My nightly ritual after work and dinner is to write up daily schedules for the next day of schooling, correct the kids’ assignments, grade tests – and then sit up and read Chemistry. Yes, Chemistry. I get out my highlighter, mark the important text, memorize the formulas, then using my paper and pencil, I figure out the examples and assigned problems.

Why am I relearning Chemistry?

We have a tutor for math. Another for French. A friend teaches them Spanish. And a music teacher gives them piano lessons. These are subjects I cannot teach my kids. But I was a science major in college – granted, in Biology, not Chemistry – and I can teach the science myself.

Oh, I thought I could hand off the book – Aplogia’s Exploring Creation With Chemistry – to the kids and have them teach themselves.

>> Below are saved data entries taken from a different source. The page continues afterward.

(* Let $\Gamma=(V,E)$ be a finite connected planar quiver, $k$ a field of characteristic $0$, and let $I\subseteq R^2$ be an ideal of $k\Gamma$ generated by paths such that $k\Gamma/I$ is complete and acyclic. Then the classes of the elements of $(\overline{\mathfrak{B}}_2\setminus\overline{\mathfrak{B}}_E)\cup\overline{\mathfrak{B}}_{\mathbb{P}}$ form a $k$-basis of $HH^1(k\Gamma/I)$.
   Context: For a path $p$, $t(p),h(p)$ are its start and end vertex; paths multiply by left-to-right concatenation (product $0$ if they do not concatenate). $R$ is the ideal generated by $E$, $\overline{x}=x+I$. $\mathscr{Q}$ is the set of residue classes of paths not in $I$; for $\overline{s}\in\mathscr{Q}$ the class of $s\notin I$, $r\parallel\overline{s}$ means $t(r)=t(s)$, $h(r)=h(s)$. $k\Gamma/I$ is complete if for any two parallel paths $p,p'$, $p\in I$ implies $p'\in I$; acyclic if every path $p\notin I$ with $t(p)=h(p)$ is a vertex. $HH^1(k\Gamma/I)$ is the space of derivations of $k\Gamma/I$ modulo inner derivations. For $r\in E$, $\overline{s}\in\mathscr{Q}$, $r\parallel\overline{s}$, $\overline{D}_{r,\overline{s}}$ is the derivation of $k\Gamma/I$ induced by the unique $k$-linear map $D_{r,\overline{s}}:k\Gamma\to k\Gamma/I$ with $D(xy)=D(x)\overline{y}+\overline{x}D(y)$, $D_{r,\overline{s}}(r)=\overline{s}$ and vanishing on other arrows and vertices. $\overline{\mathfrak{B}}_2$ is the set of all such $\overline{D}_{r,\overline{s}}$; $\overline{\mathfrak{B}}_E=\{\overline{D}_{p,\overline{p}}\mid p\in E\}$. A planar quiver has a fixed embedding in $\mathbb{R}^2$; its faces are the connected components of $\mathbb{R}^2\setminus\Gamma$, one of which, $f_0$, is unbounded. For a face $f$ whose boundary consists of the ordered arrows $p_1,\dots,p_s$ (arrows bordering $f$ on both sides appear twice), $\overline{D}_{\mathbbm{p}_f}=\sum_i\epsilon_i\overline{D}_{p_i,\overline{p_i}}$ with $\epsilon_i=+1$ if $p_i$ runs clockwise viewed from the interior of $f$ and $-1$ otherwise. $\overline{\mathfrak{B}}_{\mathbb{P}}=\{\overline{D}_{\mathbbm{p}_f}\mid f\neq f_0\}$. *)

From HB Require Import structures.
From mathcomp Require Import all_boot all_order all_algebra all_fingroup.
Set Implicit Arguments. Unset Strict Implicit. Unset Printing Implicit Defensive.
Import GRing.Theory.
Local Open Scope ring_scope.

(* A finite quiver Gamma = (V, E) with tail t (start) and head h (end).       *)
(* A (raw) path is a pair (v, s) : V * seq E : the start vertex v and the     *)
(* list of arrows, concatenated left to right; (v, [::]) is the vertex v.     *)
Section Quiver.
Variables (V E : finType) (t h : E -> V).

Definition consec (e f : E) : bool := h e == t f.

Definition is_qpath (v : V) (s : seq E) : bool :=
  if s is e :: s' then (t e == v) && path consec e s' else true.

Definition pend (v : V) (s : seq E) : V := last v (map h s).

Definition undir_adj : rel V :=
  fun u w => [exists e, ((t e == u) && (h e == w)) || ((h e == u) && (t e == w))].
Definition quiver_connected : Prop := forall u w : V, connect undir_adj u w.

(* Planar embedding, combinatorially: a rotation system on the darts          *)
(* (e, true) (leaving t e) and (e, false) (leaving h e), i.e. a permutation   *)
(* sigma cyclically ordering (counterclockwise) the darts around each vertex, *)
(* of genus 0 (Euler's formula).  Faces are the orbits of the face            *)
(* permutation d |-> sigma (reverse d); each such orbit is the boundary walk  *)
(* of a face, traversed clockwise (face on the right), so that the forward    *)
(* dart (e, true) lies in the orbit of f iff e runs clockwise around f.       *)
Definition dorig (d : E * bool) : V := if d.2 then t d.1 else h d.1.
Definition drev (d : E * bool) : E * bool := (d.1, ~~ d.2).

Definition rotation_system (sigma : {perm (E * bool)}) : Prop :=
  (forall d, dorig (sigma d) = dorig d) /\
  (forall d d', dorig d = dorig d' -> fconnect sigma d d').

Definition face_perm (sigma : {perm (E * bool)}) (d : E * bool) : E * bool :=
  sigma (drev d).

Definition faces (sigma : {perm (E * bool)}) : {set {set E * bool}} :=
  [set [set d' | fconnect (face_perm sigma) d d'] | d : E * bool].

Definition planar_embedding (sigma : {perm (E * bool)}) : Prop :=
  rotation_system sigma /\
  ((0 < #|E|)%N -> (#|V| + #|faces sigma| = #|E| + 2)%N).

(* The ideal I generated by the paths in G (each of length >= 2, I in R^2).  *)
Variable G : pred (seq E).

Definition gens_ok : Prop :=
  forall g, G g -> (1 < size g)%N /\ exists v, is_qpath v g.

Definition in_I (s : seq E) : bool :=
  [exists i : 'I_(size s).+1, exists j : 'I_(size s).+1, G (drop i (take j s))].

Definition complete : Prop :=
  forall v s v' s', is_qpath v s -> is_qpath v' s' ->
    v = v' -> pend v s = pend v' s' -> in_I s -> in_I s'.

Definition acyclic : Prop :=
  forall v s, is_qpath v s -> ~~ in_I s -> pend v s = v -> s = [::].

(* path not in I has length < #|V|, so we enumerate paths of length < #|V|.   *)
Definition Pb := (V * {n : 'I_#|V| & n.-tuple E})%type.
Definition pb_seq (x : Pb) : seq E := tagged x.2.
Definition qpred (x : Pb) : bool := is_qpath x.1 (pb_seq x) && ~~ in_I (pb_seq x).
Definition Qt := {x : Pb | qpred x}.

Definition qv (q : Qt) : V := (val q).1.
Definition qs (q : Qt) : seq E := pb_seq (val q).

(* The algebra k Gamma / I, as the k-space with basis Q.                      *)
Variable k : fieldType.
Definition Alg := {ffun Qt -> k^o}.

(* class in k Gamma / I of the path (v, s) (zero if the path is in I) *)
Definition pcls (v : V) (s : seq E) : Alg :=
  [ffun q => ((qv q == v) && (qs q == s))%:R].

Definition mulA (x y : Alg) : Alg :=
  \sum_(p : Qt) \sum_(q : Qt)
     if pend (qv p) (qs p) == qv q then (x p * y q) *: pcls (qv p) (qs p ++ qs q)
     else 0.

Definition is_derivation (D : Alg -> Alg) : Prop :=
  (forall (a : k) (x y : Alg), D (a *: x + y) = a *: D x + D y) /\
  (forall x y : Alg, D (mulA x y) = mulA (D x) y + mulA x (D y)).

I even found help on the Internet for scheduling the course. I thought they would read the small chunks of material, follow the examples, work out the problems, and learn Chemistry on their own.

But they got stuck in chapter 2. The only way to help them is to read the material myself. If I tutored Chemistry in college, I know I can relearn this stuff. So night after night, after the kids are in bed, I read my Chemistry, work out the problems, and follow along so I can explain the problems, the math, the concepts.

I hope that one day the kids will appreciate what I am going through to teach them at home because frankly, I’d rather be gardening or reading novels than relearning Chemistry. But one thing I’ll say about this: my brain is getting a workout, so I’ll be keeping Alzheimer’s at bay for a while!

Thursday, October 9, 2008

Handicapped


It's official: I'm handicapped.

When I went in to the company office recently, the long walk from the back of the company parking lot to the building, then up the elevator and through one building, then another and another all the way to my office was too much for me. By the time I got to my cubicle, my heart was pounding and the chest pains worsened. Granted, I don't have to come in often these days; mostly I work from home. But when I do have to come in, I'd like to park close to the entrance of the building. So this week I did park there – and got a note from Security warning me not park in the handicapped spots again.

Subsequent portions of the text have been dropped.